Segment Start: INPUT DATA
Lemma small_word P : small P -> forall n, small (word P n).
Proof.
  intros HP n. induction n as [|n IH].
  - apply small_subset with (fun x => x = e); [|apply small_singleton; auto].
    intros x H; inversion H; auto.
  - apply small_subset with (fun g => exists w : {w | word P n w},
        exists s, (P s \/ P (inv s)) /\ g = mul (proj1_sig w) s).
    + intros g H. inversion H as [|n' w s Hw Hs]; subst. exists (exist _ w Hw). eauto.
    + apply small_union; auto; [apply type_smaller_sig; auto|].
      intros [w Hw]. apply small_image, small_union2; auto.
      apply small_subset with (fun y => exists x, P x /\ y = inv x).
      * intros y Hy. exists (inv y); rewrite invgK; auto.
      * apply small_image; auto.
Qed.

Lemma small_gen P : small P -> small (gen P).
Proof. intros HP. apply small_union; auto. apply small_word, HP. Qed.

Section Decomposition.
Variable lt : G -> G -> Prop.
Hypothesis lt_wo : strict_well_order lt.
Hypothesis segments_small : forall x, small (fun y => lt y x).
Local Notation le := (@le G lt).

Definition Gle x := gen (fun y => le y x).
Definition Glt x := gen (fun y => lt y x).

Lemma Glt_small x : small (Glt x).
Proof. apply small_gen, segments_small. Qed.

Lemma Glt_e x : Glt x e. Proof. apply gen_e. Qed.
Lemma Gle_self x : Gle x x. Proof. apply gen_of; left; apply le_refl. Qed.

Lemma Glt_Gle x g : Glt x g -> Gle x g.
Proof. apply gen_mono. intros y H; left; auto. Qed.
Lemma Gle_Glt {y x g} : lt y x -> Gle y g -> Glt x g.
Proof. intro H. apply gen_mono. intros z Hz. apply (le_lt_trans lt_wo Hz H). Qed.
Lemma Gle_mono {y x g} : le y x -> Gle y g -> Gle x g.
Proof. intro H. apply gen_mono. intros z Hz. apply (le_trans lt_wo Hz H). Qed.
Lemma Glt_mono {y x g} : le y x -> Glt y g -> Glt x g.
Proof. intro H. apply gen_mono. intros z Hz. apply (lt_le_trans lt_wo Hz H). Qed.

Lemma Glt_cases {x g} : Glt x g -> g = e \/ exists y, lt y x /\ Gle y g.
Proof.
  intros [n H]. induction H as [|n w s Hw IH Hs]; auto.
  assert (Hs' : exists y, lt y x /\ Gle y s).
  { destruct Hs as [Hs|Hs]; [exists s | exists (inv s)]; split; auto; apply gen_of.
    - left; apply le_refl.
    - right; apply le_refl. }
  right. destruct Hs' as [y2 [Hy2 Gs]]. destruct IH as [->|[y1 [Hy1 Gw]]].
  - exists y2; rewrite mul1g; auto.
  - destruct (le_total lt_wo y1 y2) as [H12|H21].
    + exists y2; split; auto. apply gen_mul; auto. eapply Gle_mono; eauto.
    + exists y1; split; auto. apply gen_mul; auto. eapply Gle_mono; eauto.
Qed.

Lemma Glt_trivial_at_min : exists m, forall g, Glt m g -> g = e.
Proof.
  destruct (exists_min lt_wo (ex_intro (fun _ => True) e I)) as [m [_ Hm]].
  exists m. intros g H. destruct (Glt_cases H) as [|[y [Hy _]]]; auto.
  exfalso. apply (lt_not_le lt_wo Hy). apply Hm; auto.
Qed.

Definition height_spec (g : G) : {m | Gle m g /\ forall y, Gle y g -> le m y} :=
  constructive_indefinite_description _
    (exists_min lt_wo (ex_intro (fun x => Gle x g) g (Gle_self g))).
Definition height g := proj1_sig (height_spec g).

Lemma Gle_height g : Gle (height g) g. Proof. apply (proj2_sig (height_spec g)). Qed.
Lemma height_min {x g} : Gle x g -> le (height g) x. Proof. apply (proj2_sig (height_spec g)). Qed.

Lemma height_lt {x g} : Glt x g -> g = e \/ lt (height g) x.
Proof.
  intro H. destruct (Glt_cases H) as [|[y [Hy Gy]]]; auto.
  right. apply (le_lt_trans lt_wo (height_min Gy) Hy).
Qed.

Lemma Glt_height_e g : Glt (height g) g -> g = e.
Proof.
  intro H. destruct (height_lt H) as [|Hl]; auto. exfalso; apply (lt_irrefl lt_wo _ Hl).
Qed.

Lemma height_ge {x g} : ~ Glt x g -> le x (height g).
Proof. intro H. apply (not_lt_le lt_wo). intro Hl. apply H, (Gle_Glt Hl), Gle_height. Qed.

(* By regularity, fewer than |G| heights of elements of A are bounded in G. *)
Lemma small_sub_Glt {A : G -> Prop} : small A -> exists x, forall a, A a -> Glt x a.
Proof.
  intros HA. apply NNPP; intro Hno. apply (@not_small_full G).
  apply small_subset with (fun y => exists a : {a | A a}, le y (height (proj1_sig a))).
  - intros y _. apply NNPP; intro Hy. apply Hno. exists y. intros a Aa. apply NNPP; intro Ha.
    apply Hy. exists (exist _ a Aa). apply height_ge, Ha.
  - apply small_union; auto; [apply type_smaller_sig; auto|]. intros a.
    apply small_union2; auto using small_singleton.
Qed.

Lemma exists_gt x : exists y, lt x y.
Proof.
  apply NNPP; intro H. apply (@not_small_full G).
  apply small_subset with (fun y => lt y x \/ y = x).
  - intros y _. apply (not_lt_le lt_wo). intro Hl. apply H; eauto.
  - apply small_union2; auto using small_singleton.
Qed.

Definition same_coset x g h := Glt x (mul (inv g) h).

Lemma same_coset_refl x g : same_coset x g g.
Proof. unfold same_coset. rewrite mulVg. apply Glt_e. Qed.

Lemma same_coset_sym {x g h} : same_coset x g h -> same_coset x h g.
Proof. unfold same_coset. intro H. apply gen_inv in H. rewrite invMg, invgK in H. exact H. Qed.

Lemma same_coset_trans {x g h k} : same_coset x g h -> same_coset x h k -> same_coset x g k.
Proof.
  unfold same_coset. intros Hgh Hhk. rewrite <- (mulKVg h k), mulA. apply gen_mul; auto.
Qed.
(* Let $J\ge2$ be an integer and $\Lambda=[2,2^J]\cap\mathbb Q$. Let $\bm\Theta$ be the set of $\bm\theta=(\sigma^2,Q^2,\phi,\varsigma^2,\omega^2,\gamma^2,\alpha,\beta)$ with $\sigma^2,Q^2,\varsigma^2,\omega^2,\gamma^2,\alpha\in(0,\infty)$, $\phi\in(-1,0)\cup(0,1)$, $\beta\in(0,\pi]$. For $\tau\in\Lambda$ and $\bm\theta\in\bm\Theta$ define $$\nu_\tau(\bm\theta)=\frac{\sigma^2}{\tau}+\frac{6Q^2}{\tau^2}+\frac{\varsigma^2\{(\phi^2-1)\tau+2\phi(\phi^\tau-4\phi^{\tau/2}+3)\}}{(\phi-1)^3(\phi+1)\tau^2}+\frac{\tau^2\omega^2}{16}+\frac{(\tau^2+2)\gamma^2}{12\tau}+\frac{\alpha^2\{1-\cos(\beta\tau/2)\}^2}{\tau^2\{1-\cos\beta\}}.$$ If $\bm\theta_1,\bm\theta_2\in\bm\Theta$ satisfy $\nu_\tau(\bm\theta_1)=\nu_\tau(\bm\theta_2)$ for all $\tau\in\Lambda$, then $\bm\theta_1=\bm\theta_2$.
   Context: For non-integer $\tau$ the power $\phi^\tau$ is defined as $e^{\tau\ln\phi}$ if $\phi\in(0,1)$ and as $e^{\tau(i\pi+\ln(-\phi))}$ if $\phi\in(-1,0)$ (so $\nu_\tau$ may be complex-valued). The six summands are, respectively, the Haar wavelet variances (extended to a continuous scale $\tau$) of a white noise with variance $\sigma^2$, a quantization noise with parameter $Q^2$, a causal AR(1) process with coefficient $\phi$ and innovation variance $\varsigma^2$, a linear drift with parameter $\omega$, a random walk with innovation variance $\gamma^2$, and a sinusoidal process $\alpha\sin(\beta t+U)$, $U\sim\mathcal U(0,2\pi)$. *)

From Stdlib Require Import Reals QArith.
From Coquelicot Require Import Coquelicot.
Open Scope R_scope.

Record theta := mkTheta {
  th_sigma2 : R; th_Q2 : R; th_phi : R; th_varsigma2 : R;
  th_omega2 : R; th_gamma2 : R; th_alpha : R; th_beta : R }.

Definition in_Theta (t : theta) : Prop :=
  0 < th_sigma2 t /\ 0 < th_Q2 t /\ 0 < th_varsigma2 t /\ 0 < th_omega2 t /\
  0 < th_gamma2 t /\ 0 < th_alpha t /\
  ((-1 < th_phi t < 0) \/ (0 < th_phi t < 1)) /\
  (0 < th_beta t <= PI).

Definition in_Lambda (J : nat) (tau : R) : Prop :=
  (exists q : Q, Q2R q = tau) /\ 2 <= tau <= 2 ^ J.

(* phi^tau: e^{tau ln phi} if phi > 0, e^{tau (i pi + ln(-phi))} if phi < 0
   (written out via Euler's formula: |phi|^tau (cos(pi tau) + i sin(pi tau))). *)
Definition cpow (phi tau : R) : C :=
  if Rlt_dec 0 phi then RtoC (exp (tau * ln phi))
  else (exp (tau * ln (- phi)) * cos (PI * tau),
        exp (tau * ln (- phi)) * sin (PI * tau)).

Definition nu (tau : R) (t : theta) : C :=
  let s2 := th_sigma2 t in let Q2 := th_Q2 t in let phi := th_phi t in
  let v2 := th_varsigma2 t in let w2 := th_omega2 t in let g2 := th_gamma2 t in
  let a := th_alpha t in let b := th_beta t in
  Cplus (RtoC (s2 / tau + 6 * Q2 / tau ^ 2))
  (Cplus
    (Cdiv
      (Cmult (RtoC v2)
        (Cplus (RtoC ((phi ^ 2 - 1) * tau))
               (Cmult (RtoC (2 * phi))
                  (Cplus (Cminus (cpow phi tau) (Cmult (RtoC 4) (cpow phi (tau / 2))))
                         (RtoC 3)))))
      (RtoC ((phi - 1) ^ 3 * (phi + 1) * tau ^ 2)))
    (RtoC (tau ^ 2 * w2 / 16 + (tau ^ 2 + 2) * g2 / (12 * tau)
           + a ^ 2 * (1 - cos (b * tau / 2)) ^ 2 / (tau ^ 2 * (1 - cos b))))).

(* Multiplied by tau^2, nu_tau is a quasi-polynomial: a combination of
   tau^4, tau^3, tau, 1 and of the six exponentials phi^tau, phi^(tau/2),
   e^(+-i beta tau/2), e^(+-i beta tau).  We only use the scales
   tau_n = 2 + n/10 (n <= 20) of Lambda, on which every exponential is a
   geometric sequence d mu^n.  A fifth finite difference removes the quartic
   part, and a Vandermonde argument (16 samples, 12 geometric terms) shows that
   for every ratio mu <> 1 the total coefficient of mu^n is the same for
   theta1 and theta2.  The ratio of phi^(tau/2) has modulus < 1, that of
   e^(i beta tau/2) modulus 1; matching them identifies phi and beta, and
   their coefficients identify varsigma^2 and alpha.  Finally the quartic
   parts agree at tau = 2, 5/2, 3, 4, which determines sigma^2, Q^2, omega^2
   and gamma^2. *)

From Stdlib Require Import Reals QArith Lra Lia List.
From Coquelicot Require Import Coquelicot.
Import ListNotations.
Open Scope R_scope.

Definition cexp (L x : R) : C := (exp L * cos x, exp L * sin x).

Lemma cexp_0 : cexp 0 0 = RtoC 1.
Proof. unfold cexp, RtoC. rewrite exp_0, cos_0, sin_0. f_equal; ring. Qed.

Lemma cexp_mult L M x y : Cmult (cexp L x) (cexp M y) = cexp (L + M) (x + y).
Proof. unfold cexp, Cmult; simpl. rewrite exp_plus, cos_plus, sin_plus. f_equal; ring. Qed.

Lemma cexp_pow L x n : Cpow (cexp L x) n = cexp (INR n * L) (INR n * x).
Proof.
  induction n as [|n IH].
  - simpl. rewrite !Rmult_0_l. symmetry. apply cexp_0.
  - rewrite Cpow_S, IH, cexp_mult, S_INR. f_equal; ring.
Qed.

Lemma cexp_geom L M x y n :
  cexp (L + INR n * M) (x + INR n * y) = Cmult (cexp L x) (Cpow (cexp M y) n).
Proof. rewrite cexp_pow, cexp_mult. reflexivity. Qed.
Segment End: INPUT DATA
• _EXERCISE GOAL_
Reproduce exactly, and only, the part of the listing above that begins at the line with "w Hw). eauto." and goes on through the line with "apply small_subset with (fun y => exists x, P".

• _REPLY TO THE TASK_
    + intros g H. inversion H as [|n' w s Hw Hs]; subst. exists (exist _ w Hw). eauto.
    + apply small_union; auto; [apply type_smaller_sig; auto|].
      intros [w Hw]. apply small_image, small_union2; auto.
      apply small_subset with (fun y => exists x, P x /\ y = inv x).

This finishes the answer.